Lemma liouville_field_contract p b w : \sum_j G j * zc w j = 0 ->
  2 * liouville_form c (liouville_field p b) w = liouville_form c p w.
Proof.
move=> hw; apply/eqP; rewrite -subr_eq0 !liouville_formE mulrCA -mulrBr mulr_sumr -sumrB.
have -> : \sum_j (2 * (c j * Im ((zc (liouville_field p b) j)^* * zc w j)) -
                  c j * Im ((zc p j)^* * zc w j)) =
          \sum_j 2 * Im (b^* * (G j * zc w j)).
  apply: eq_bigr => j _; rewrite zc_of_zc; have := c_neq0 j.
  by case: (zc p j) (zc w j) (G j) b => [z1 z2] [w1 w2] [g1 g2] [b1 b2] hc /=; field.
by rewrite -mulr_sumr -Im_sum -mulr_sumr hw !mulr0.
Qed.

Lemma rdot_liouville_field p b :
  rdot p (liouville_field p b) = rdot p p / 2 + \sum_j Re (b * (zc p j * G j)^* ) / c j.
Proof.
rewrite !rdotE mulr_suml -big_split; apply: eq_bigr => j _.
rewrite zc_of_zc; have := c_neq0 j.
by case: (zc p j) (G j) b => [z1 z2] [g1 g2] [b1 b2] hc /=; field.
Qed.

Lemma liouville_field_outward p :
  \sum_j Re ((\sum_k G k * zc p k) * (zc p j * G j)^* ) / c j <
    (\sum_j sqnormc (G j) / c j) * rdot p p ->
  exists Y, \sum_j G j * zc Y j = 0 /\
    (forall w, \sum_j G j * zc w j = 0 ->
       dform (liouville_form c) p Y w = liouville_form c p w) /\
    0 < rdot p Y.
Proof.
set S := \sum_k G k * zc p k; set H := \sum_j sqnormc (G j) / c j => gap.
have H_gt0 : 0 < H.
  have term_ge0 j : 0 <= sqnormc (G j) / c j by rewrite divr_ge0 ?sqnormc_ge0 ?ltW.
  rewrite lt_def (sumr_ge0 _ (fun j _ => term_ge0 j)) andbT.
  apply: contraTneq gap => H0; rewrite H0 mul0r -leNgt.
  have G0 j : G j = 0.
    apply: sqnormc_eq0; move/eqP: (psumr_eq0P (fun j _ => term_ge0 j) H0 (i := j) isT).
    by rewrite mulf_eq0 invr_eq0 (negbTE (c_neq0 j)) orbF => /eqP.
  by rewrite big1 // => j _; rewrite G0 mulr0 rmorph0 mulr0 mul0r.
pose b := (- (2 * H)^-1)%:C * S.
exists (liouville_field p b); split; [|split].
- rewrite liouville_field_kernel -/S /b -mulrA mulrCA -rmorphM /= -/H.
  have -> : - (2 * H)^-1 * H = - 2^-1 by field; rewrite gt_eqF.
  by rewrite rmorphN mulrN subrr.
- by move=> w hw; rewrite dform_liouville_form; exact: liouville_field_contract.
- rewrite rdot_liouville_field.
  have -> : \sum_j Re (b * (zc p j * G j)^* ) / c j =
            - (2 * H)^-1 * \sum_j Re (S * (zc p j * G j)^* ) / c j.
    by rewrite mulr_sumr; apply: eq_bigr => j _; rewrite /b -mulrA Re_mul_real mulrA.
  rewrite mulNr subr_gt0 mulrC ltr_pdivrMr ?mulr_gt0 //.
  by have -> : rdot p p / 2 * (2 * H) = H * rdot p p by field.
Qed.

End Liouville_field.

Section Given_forms.
Variables (R : realType) (n : nat) (a : 'I_n.+1 -> nat).
Local Open Scope complex_scope.

Lemma dC_phi (t : R) (p v : Cn R n) : dC (phi a t) p v = - liouville_form (cj a t) p v.
Proof.
rewrite /dC (derive_along_quadratic (A := - liouville_form (cj a t) p v)
  (B := phi a t (mul_i v))) // => h.
rewrite /phi /liouville_form -mulNr !mulr_sumr -!big_split /=.
by apply: eq_bigr => j _; rewrite /mul_i /= !mxE; field.
Qed.

Lemma lambda_aE (p v : Cn R n) : lambda_a a p v = liouville_form (fun j => (a j)%:R) p v.
Proof.
have ReiM (k : R) x : Re ((0 +i* k) * x) = - k * Im x by case: x => ? ? /=; ring.
rewrite /lambda_a ReiM Im_sum mulr_sumr /liouville_form mulr_sumr.
by apply: eq_bigr => j _; rewrite natrC /zc /=; field.
Qed.

End Given_forms.

Section Brieskorn.
Variables (R : realType) (n : nat) (a : 'I_n.+1 -> nat).
Hypothesis a_gt1 : forall j, (1 < a j)%N.

Lemma natr_a_ge2 j : 2 <= (a j)%:R :> R.
Proof. by rewrite (ler_nat R 2). Qed.

Lemma natr_a_gt0 j : 0 < (a j)%:R :> R.
Proof. by have := natr_a_ge2 j; lra. Qed.

(* [weight j s = weight_kappa s * a_j / weight_den j s], so [1 / weight j s] is
   affine in [s] up to the positive factor [weight_kappa s] (see [invr_weight]),
   while [weight j s] itself stays polynomial in [s]. *)
Definition weight_den j (s : R) : R := (1 - s) * (a j)%:R + s.
Definition weight_scale (s : R) : R := (1 - s) / \prod_k (a k)%:R + s.
Definition weight_kappa (s : R) : R := weight_scale s * \prod_k weight_den k s.
Definition weight j (s : R) : R :=
  (a j)%:R * weight_scale s * \prod_(k < n.+1 | k != j) weight_den k s.

Lemma weight_den_gt0 j s : 0 <= s <= 1 -> 0 < weight_den j s.
Proof. by move=> /andP[s_ge0 s_le1]; have := natr_a_ge2 j; rewrite /weight_den; nra. Qed.

Lemma weight_scale_gt0 s : 0 <= s <= 1 -> 0 < weight_scale s.
Proof.
move=> /andP[s_ge0 s_le1]; rewrite /weight_scale.
have : 0 < (\prod_k (a k)%:R : R)^-1 by rewrite invr_gt0 prodr_gt0 // => k _; exact: natr_a_gt0.
nra.
Qed.

Lemma weight_kappa_gt0 s : 0 <= s <= 1 -> 0 < weight_kappa s.
Proof.
move=> s01; rewrite mulr_gt0 ?weight_scale_gt0 //.
by rewrite prodr_gt0 // => k _; exact: weight_den_gt0.
Qed.

Lemma weight_gt0 j s : 0 <= s <= 1 -> 0 < weight j s.
Proof.
move=> s01; rewrite !mulr_gt0 ?natr_a_gt0 ?weight_scale_gt0 //.
by rewrite prodr_gt0 // => k _; exact: weight_den_gt0.
Qed.

Lemma weight0 j : weight j 0 = 1.
Proof.
have den0 k : weight_den k 0 = (a k)%:R by rewrite /weight_den subr0 mul1r addr0.
rewrite /weight (eq_bigr _ (fun k _ => den0 k)) /weight_scale subr0 mul1r addr0.
have a_neq0 k : (a k)%:R != 0 :> R by rewrite gt_eqF ?natr_a_gt0.
have prod_neq0 : \prod_(k < n.+1 | k != j) (a k)%:R != 0 :> R.
  by rewrite prodf_seq_neq0; apply/allP => k _; apply/implyP => _; exact: a_neq0.
by rewrite (bigD1 j) //=; field; rewrite prod_neq0 a_neq0.
Qed.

* [Requirement]
The material above must be returned word for word, complete.

* [Reply to the exercise]
Lemma liouville_field_contract p b w : \sum_j G j * zc w j = 0 ->
  2 * liouville_form c (liouville_field p b) w = liouville_form c p w.
Proof.
move=> hw; apply/eqP; rewrite -subr_eq0 !liouville_formE mulrCA -mulrBr mulr_sumr -sumrB.
have -> : \sum_j (2 * (c j * Im ((zc (liouville_field p b) j)^* * zc w j)) -
                  c j * Im ((zc p j)^* * zc w j)) =
          \sum_j 2 * Im (b^* * (G j * zc w j)).
  apply: eq_bigr => j _; rewrite zc_of_zc; have := c_neq0 j.
  by case: (zc p j) (zc w j) (G j) b => [z1 z2] [w1 w2] [g1 g2] [b1 b2] hc /=; field.
by rewrite -mulr_sumr -Im_sum -mulr_sumr hw !mulr0.
Qed.

Lemma rdot_liouville_field p b :
  rdot p (liouville_field p b) = rdot p p / 2 + \sum_j Re (b * (zc p j * G j)^* ) / c j.
Proof.
rewrite !rdotE mulr_suml -big_split; apply: eq_bigr => j _.
rewrite zc_of_zc; have := c_neq0 j.
by case: (zc p j) (G j) b => [z1 z2] [g1 g2] [b1 b2] hc /=; field.
Qed.

Lemma liouville_field_outward p :
  \sum_j Re ((\sum_k G k * zc p k) * (zc p j * G j)^* ) / c j <
    (\sum_j sqnormc (G j) / c j) * rdot p p ->
  exists Y, \sum_j G j * zc Y j = 0 /\
    (forall w, \sum_j G j * zc w j = 0 ->
       dform (liouville_form c) p Y w = liouville_form c p w) /\
    0 < rdot p Y.
Proof.
set S := \sum_k G k * zc p k; set H := \sum_j sqnormc (G j) / c j => gap.
have H_gt0 : 0 < H.
  have term_ge0 j : 0 <= sqnormc (G j) / c j by rewrite divr_ge0 ?sqnormc_ge0 ?ltW.
  rewrite lt_def (sumr_ge0 _ (fun j _ => term_ge0 j)) andbT.
  apply: contraTneq gap => H0; rewrite H0 mul0r -leNgt.
  have G0 j : G j = 0.
    apply: sqnormc_eq0; move/eqP: (psumr_eq0P (fun j _ => term_ge0 j) H0 (i := j) isT).
    by rewrite mulf_eq0 invr_eq0 (negbTE (c_neq0 j)) orbF => /eqP.
  by rewrite big1 // => j _; rewrite G0 mulr0 rmorph0 mulr0 mul0r.
pose b := (- (2 * H)^-1)%:C * S.
exists (liouville_field p b); split; [|split].
- rewrite liouville_field_kernel -/S /b -mulrA mulrCA -rmorphM /= -/H.
  have -> : - (2 * H)^-1 * H = - 2^-1 by field; rewrite gt_eqF.
  by rewrite rmorphN mulrN subrr.
- by move=> w hw; rewrite dform_liouville_form; exact: liouville_field_contract.
- rewrite rdot_liouville_field.
  have -> : \sum_j Re (b * (zc p j * G j)^* ) / c j =
            - (2 * H)^-1 * \sum_j Re (S * (zc p j * G j)^* ) / c j.
    by rewrite mulr_sumr; apply: eq_bigr => j _; rewrite /b -mulrA Re_mul_real mulrA.
  rewrite mulNr subr_gt0 mulrC ltr_pdivrMr ?mulr_gt0 //.
  by have -> : rdot p p / 2 * (2 * H) = H * rdot p p by field.
Qed.

End Liouville_field.

Section Given_forms.
Variables (R : realType) (n : nat) (a : 'I_n.+1 -> nat).
Local Open Scope complex_scope.

Lemma dC_phi (t : R) (p v : Cn R n) : dC (phi a t) p v = - liouville_form (cj a t) p v.
Proof.
rewrite /dC (derive_along_quadratic (A := - liouville_form (cj a t) p v)
  (B := phi a t (mul_i v))) // => h.
rewrite /phi /liouville_form -mulNr !mulr_sumr -!big_split /=.
by apply: eq_bigr => j _; rewrite /mul_i /= !mxE; field.
Qed.

Lemma lambda_aE (p v : Cn R n) : lambda_a a p v = liouville_form (fun j => (a j)%:R) p v.
Proof.
have ReiM (k : R) x : Re ((0 +i* k) * x) = - k * Im x by case: x => ? ? /=; ring.
rewrite /lambda_a ReiM Im_sum mulr_sumr /liouville_form mulr_sumr.
by apply: eq_bigr => j _; rewrite natrC /zc /=; field.
Qed.

End Given_forms.

Section Brieskorn.
Variables (R : realType) (n : nat) (a : 'I_n.+1 -> nat).
Hypothesis a_gt1 : forall j, (1 < a j)%N.

Lemma natr_a_ge2 j : 2 <= (a j)%:R :> R.
Proof. by rewrite (ler_nat R 2). Qed.

Lemma natr_a_gt0 j : 0 < (a j)%:R :> R.
Proof. by have := natr_a_ge2 j; lra. Qed.

(* [weight j s = weight_kappa s * a_j / weight_den j s], so [1 / weight j s] is
   affine in [s] up to the positive factor [weight_kappa s] (see [invr_weight]),
   while [weight j s] itself stays polynomial in [s]. *)
Definition weight_den j (s : R) : R := (1 - s) * (a j)%:R + s.
Definition weight_scale (s : R) : R := (1 - s) / \prod_k (a k)%:R + s.
Definition weight_kappa (s : R) : R := weight_scale s * \prod_k weight_den k s.
Definition weight j (s : R) : R :=
  (a j)%:R * weight_scale s * \prod_(k < n.+1 | k != j) weight_den k s.

Lemma weight_den_gt0 j s : 0 <= s <= 1 -> 0 < weight_den j s.
Proof. by move=> /andP[s_ge0 s_le1]; have := natr_a_ge2 j; rewrite /weight_den; nra. Qed.

Lemma weight_scale_gt0 s : 0 <= s <= 1 -> 0 < weight_scale s.
Proof.
move=> /andP[s_ge0 s_le1]; rewrite /weight_scale.
have : 0 < (\prod_k (a k)%:R : R)^-1 by rewrite invr_gt0 prodr_gt0 // => k _; exact: natr_a_gt0.
nra.
Qed.

Lemma weight_kappa_gt0 s : 0 <= s <= 1 -> 0 < weight_kappa s.
Proof.
move=> s01; rewrite mulr_gt0 ?weight_scale_gt0 //.
by rewrite prodr_gt0 // => k _; exact: weight_den_gt0.
Qed.

Lemma weight_gt0 j s : 0 <= s <= 1 -> 0 < weight j s.
Proof.
move=> s01; rewrite !mulr_gt0 ?natr_a_gt0 ?weight_scale_gt0 //.
by rewrite prodr_gt0 // => k _; exact: weight_den_gt0.
Qed.

Lemma weight0 j : weight j 0 = 1.
Proof.
have den0 k : weight_den k 0 = (a k)%:R by rewrite /weight_den subr0 mul1r addr0.
rewrite /weight (eq_bigr _ (fun k _ => den0 k)) /weight_scale subr0 mul1r addr0.
have a_neq0 k : (a k)%:R != 0 :> R by rewrite gt_eqF ?natr_a_gt0.
have prod_neq0 : \prod_(k < n.+1 | k != j) (a k)%:R != 0 :> R.
  by rewrite prodf_seq_neq0; apply/allP => k _; apply/implyP => _; exact: a_neq0.
by rewrite (bigD1 j) //=; field; rewrite prod_neq0 a_neq0.
Qed.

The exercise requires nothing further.